How did the key phases of the design process contribute to this success?
a. The task analysis was indispensable for everything that followed. Its purpose was to determine what functions the computer application must have (i.e., what exactly the program is supposed to do).
b. A key role of the simulation phase was to provide a basis upon which to build the initial grammar. In contrast to previous natural language programs (e.g., LUNAR [15], SHRDLU [14]), CAL was not built on a model of a prespecified grammar. Rather, CAL uses what I have chosen to describe as an empirically derived grammar.
It was surprising that a point of diminishing returns was reached after so few iterations (i.e., that each participant used only one to two words that no one else used).
Among the many potential explanations for this difference (e.g., substantive differences between their problem domain and the calendar-keeping domain) there are two compelling possibilities: first, the participants in the Michaelis, et al. study were probably operating in a less familiar problem-solving area and, having lower levels of "semantic knowledge," tended to be more erratic in their language behaviors. Another possibility is that when people are (or think they are) communicating with a machine, as they were in the CAL study, they might tend to "normalize" their language (i.e., use fewer uncommon words).
A natural consequence of the use of an empirical grammar is the inability to generalize the obtained language model beyond the context in which it was developed. 2 However, though CAL's grammar cannot be generalized, the systematic approach used to generate it can. The six steps of program development used here can just as easily, and presumably with comparably little investment in participant-hours, be applied to other office applications where natural language is appropriate.
c. During the iterative design phase, breakdowns in communications were not
blamed on "user error," but were thought of as failures of CAL (or, more
appropriately, of CAL's designer) to anticipate all the necessary variations in
input structure. If people find it natural to express times with semi-colons rather
than colons (and thus avoid the SHIFT function of the keyboard), and if that
usage doesn't generate any unresolvable ambiguity (it doesn't), why force them
to use colons? It doesn't cost anything to add that flexibility to the program.
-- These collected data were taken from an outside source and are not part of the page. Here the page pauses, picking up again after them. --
(* Let $n\ge3$ and let $K_0:[0,\infty)\to[0,\infty)$ be bounded and continuous with $K_0(0)>0$. Then there is a constant $M>0$ such that every radially symmetric nonnegative $C^2$ solution $v$ of $$\Delta v+K_0(|x|)\,v^{\frac{n}{n-2}}=0\ \text{in }\mathbb{R}^n,\qquad \lim_{|x|\to\infty}v(x)=\beta,$$ with any $\beta>0$, satisfies $v\le M$ on $\mathbb{R}^n$; $M$ does not depend on $\beta$. *)

(* classical reals. Points of R^n are represented as
   x : nat -> R, of which only the coordinates x 0, ..., x (n-1) matter. *)
From Stdlib Require Import Reals.
Open Scope R_scope.

Fixpoint sum_upto (n : nat) (f : nat -> R) : R :=
  match n with
  | O => 0
  | S m => sum_upto m f + f m
  end.

Definition normn (n : nat) (x : nat -> R) : R :=
  sqrt (sum_upto n (fun i => x i * x i)).

Definition subv (x y : nat -> R) : nat -> R := fun i => x i - y i.

Definition shift (x : nat -> R) (i : nat) (t : R) : nat -> R :=
  fun j => if Nat.eqb j i then x j + t else x j.

Definition has_partial (f : (nat -> R) -> R) (i : nat) (x : nat -> R) (l : R) : Prop :=
  derivable_pt_lim (fun t => f (shift x i t)) 0 l.

Definition contn (n : nat) (f : (nat -> R) -> R) : Prop :=
  forall x eps, 0 < eps -> exists delta, 0 < delta /\
    forall y, normn n (subv y x) < delta -> Rabs (f y - f x) < eps.

(* f is C^2 on R^n, with first partials D1 i and second partials D2 i j
   (D2 i j = d/dx_j (d f/dx_i)); all continuous *)
Definition C2n (n : nat) (f : (nat -> R) -> R)
  (D1 : nat -> (nat -> R) -> R) (D2 : nat -> nat -> (nat -> R) -> R) : Prop :=
  contn n f /\
  (forall i, (i < n)%nat -> contn n (D1 i) /\ forall x, has_partial f i x (D1 i x)) /\
  (forall i j, (i < n)%nat -> (j < n)%nat ->
     contn n (D2 i j) /\ forall x, has_partial (D1 i) j x (D2 i j x)).
(* Rescaling [e_j0] to [e_j0 / w j0] makes it map to [e_t], and subtracting
   multiples of it from the later basis vectors removes their [e_t]-components. *)
Lemma absorb_row m (f : 'I_m -> option 'I_m) t j0 w :
  isolated f t -> w t = 0 -> (forall j a, f j = Some a -> w a = 0) ->
  f j0 = None -> w j0 != 0 -> (forall k : 'I_m, (k < j0)%N -> w k = 0) ->
  utrig_similar (matching_mx_row f t w) (matching_mx (add_edge f j0 t)).
Proof.
move=> ft wt w_tgt fj0 wj0 w_lt.
have tj0 : t != j0 by apply: contraNneq wj0 => <-; rewrite wt.
pose y j := ((if j == j0 then 1 else 0) - w j) / w j0.
have y_edge j : oapp y 0 (add_edge f j0 t j) = 0.
  rewrite /add_edge /y; case: (j =P j0) => _ /=; first by rewrite (negbTE tj0) wt subr0 mul0r.
  case fj: (f j) => [a|] //=; have /negbTE -> : a != j0.
    by apply: contraNneq wj0 => <-; rewrite (w_tgt _ _ fj).
  by rewrite (w_tgt _ _ fj) subr0 mul0r.
exists (add_row_mx j0 y).
  apply: add_row_utrig => [k kj0|].
    by rewrite /y -(inj_eq val_inj) (ltn_eqF kj0) w_lt // subr0 mul0r.
  rewrite /y eqxx -{1}(divff wj0) -mulrDl addrC subrK mul1r invr_eq0 //.
apply/matrixP => i j.
rewrite mulmx_add_row add_row_mulmx sum_mul_matching_mx y_edge if_same addr0.
rewrite !matching_mx_rowE // ![matching_mx _ _ _]mxE fj0 add0r /add_edge.
case: (i =P t) => [->|/eqP it].
  rewrite /y mulrCA divff // mulr1 -addrA [w j + _]addrC subrK (negbTE (ft.2 j)).
  by case: (j =P j0) => _; rewrite ?eqxx ?(negbTE (ft.2 j)) add0r.
rewrite mul0r !addr0; case: (j =P j0) => [->|_] //.
by rewrite fj0 (inj_eq (@Some_inj _)) (eq_sym t) (negbTE it).
Qed.

Lemma normalize_row m (f : 'I_m -> option 'I_m) t w :
  matching f -> isolated f t -> w t = 0 -> (forall j a, f j = Some a -> w a = 0) ->
  (forall j, w j != 0 -> (forall k : 'I_m, (k < j)%N -> w k = 0) -> f j = None) ->
  exists2 g, matching g & utrig_similar (matching_mx_row f t w) (matching_mx g).
Proof.
move=> mf ft wt w_tgt w_first.
case: (pickP (fun j => w j != 0)) => [j1 wj1 | w0]; last first.
  exists f => //; have -> : matching_mx_row f t w = matching_mx f.
    apply/matrixP => i j; rewrite matching_mx_rowE //.
    by move/negbFE/eqP: (w0 j) => ->; rewrite if_same addr0.
  exact: utrig_similar_refl.
case: (@arg_minnP _ j1 (fun j => w j != 0) val wj1) => j0 wj0 j0_min.
have w_lt (k : 'I_m) : (k < j0)%N -> w k = 0.
  by move=> kj0; apply/eqP; apply: contraTT kj0 => wk; rewrite -leqNgt j0_min.
have fj0 := w_first _ wj0 w_lt.
exists (add_edge f j0 t); last exact: absorb_row.
apply: matching_add_edge => // [j|]; first by apply: contraNneq wj0 => /w_tgt ->.
by apply: contraNneq wj0 => <-; rewrite wt.
Qed.

Definition insert_mx n (t : 'I_n.+1) (B : 'M[F]_n) : 'M[F]_n.+1 :=
  \matrix_(i, j) match unlift t i, unlift t j with
                 | Some i', Some j' => B i' j'
                 | _, _ => if i == j then 1 else 0
                 end.

Lemma insert_mx_lift n t (B : 'M[F]_n) i j : insert_mx t B (lift t i) (lift t j) = B i j.
Proof. by rewrite mxE !liftK. Qed.

Lemma insert_mx_t_lift n t (B : 'M[F]_n) j : insert_mx t B t (lift t j) = 0.
Proof. by rewrite mxE unlift_none (negbTE (neq_lift _ _)). Qed.

Lemma insert_mx_lift_t n t (B : 'M[F]_n) i : insert_mx t B (lift t i) t = 0.
Proof. by rewrite mxE unlift_none liftK eq_sym (negbTE (neq_lift _ _)). Qed.

Lemma insert_mx_tt n t (B : 'M[F]_n) : insert_mx t B t t = 1.
Proof. by rewrite mxE unlift_none eqxx. Qed.

Lemma insert_mx_col n t (B : 'M[F]_n) : col t (insert_mx t B) = delta_mx t 0.
Proof.
apply/matrixP => i k; rewrite !mxE (ord1 k) eqxx andbT unlift_none.
by case: (unlift t i); case: eqP.
Qed.

Lemma utrig_insert n t (B : 'M[F]_n) :
  upper_trig_nzdiag B -> upper_trig_nzdiag (insert_mx t B).
Proof.
move=> [B_low B_diag]; split.
  move=> i j; case: (unliftP t i) => [i'|] ->; case: (unliftP t j) => [j'|] ->;
    rewrite ?insert_mx_lift ?insert_mx_t_lift ?insert_mx_lift_t ?ltnn //=.
  by rewrite ltnNge leq_bump2 -ltnNge => /B_low.
by move=> i; case: (unliftP t i) => [i'|] ->; rewrite ?insert_mx_lift ?insert_mx_tt ?oner_neq0.
Qed.

Definition insert_matching n (t : 'I_n.+1) (f : 'I_n -> option 'I_n) :=
  fun j => if unlift t j is Some j' then omap (lift t) (f j') else None.

Lemma insert_matching_lift n t (f : 'I_n -> option 'I_n) j :
  insert_matching t f (lift t j) = omap (lift t) (f j).
Proof. by rewrite /insert_matching liftK. Qed.

Lemma insert_matching_isolated n t (f : 'I_n -> option 'I_n) :
  isolated (insert_matching t f) t.
Proof.
split=> [|j]; first by rewrite /insert_matching unlift_none.
rewrite /insert_matching; case: unliftP => [j'|] _ //; case: (f j') => //= a.
by rewrite (inj_eq (@Some_inj _)) eq_sym neq_lift.
Qed.

Lemma matching_insert n t (f : 'I_n -> option 'I_n) :
  matching f -> matching (insert_matching t f).
Proof.
have [ft _] := insert_matching_isolated t f.
move=> [tgt_free f_inj]; split.
  move=> j a; case: (unliftP t j) => [j'|] ->; rewrite ?ft // insert_matching_lift.
  by case fj: (f j') => [a'|] //= [<-]; rewrite insert_matching_lift (tgt_free _ _ fj).
move=> i j a; case: (unliftP t i) => [i'|] ->; rewrite ?ft // insert_matching_lift.
case: (unliftP t j) => [j'|] ->; rewrite ?ft // insert_matching_lift.
case fi: (f i') => [b|] //; case fj: (f j') => [c|] //= [<-] /Some_inj/lift_inj cb.
by rewrite (f_inj _ _ _ fi (etrans fj (congr1 Some cb))).
Qed.

Lemma matching_mx_insert n t (f : 'I_n -> option 'I_n) i j :
  matching_mx (insert_matching t f) (lift t i) (lift t j) = matching_mx f i j.
Proof.
rewrite !mxE insert_matching_lift; case: (f j) => [a|] //=.
by rewrite (inj_eq (@Some_inj _)) (inj_eq (@Some_inj _)) (inj_eq lift_inj).
Qed.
While there were some informal long-term users of CAL, a more formal
longitudinal study would be necessary to shed more light on how this natural
language interface holds up with dedicated users over time. This would also
provide an opportunity to give more thorough consideration to information
retrieval in a realistic setting (e.g., the ways in which people check their calendars
at the beginning of each day).
CONCLUSION
This study has shown several things about calendars, natural language, and software design.
The task analysis [4] showed that calendars are indispensable in the office environment and that they are good candidates for computerization.
While no controlled comparison was made with other modes of input, the interview results do indicate that natural language does hold some promise as an input mode, at least for the semantically knowledgeable, computer-naive business professionals represented in this study.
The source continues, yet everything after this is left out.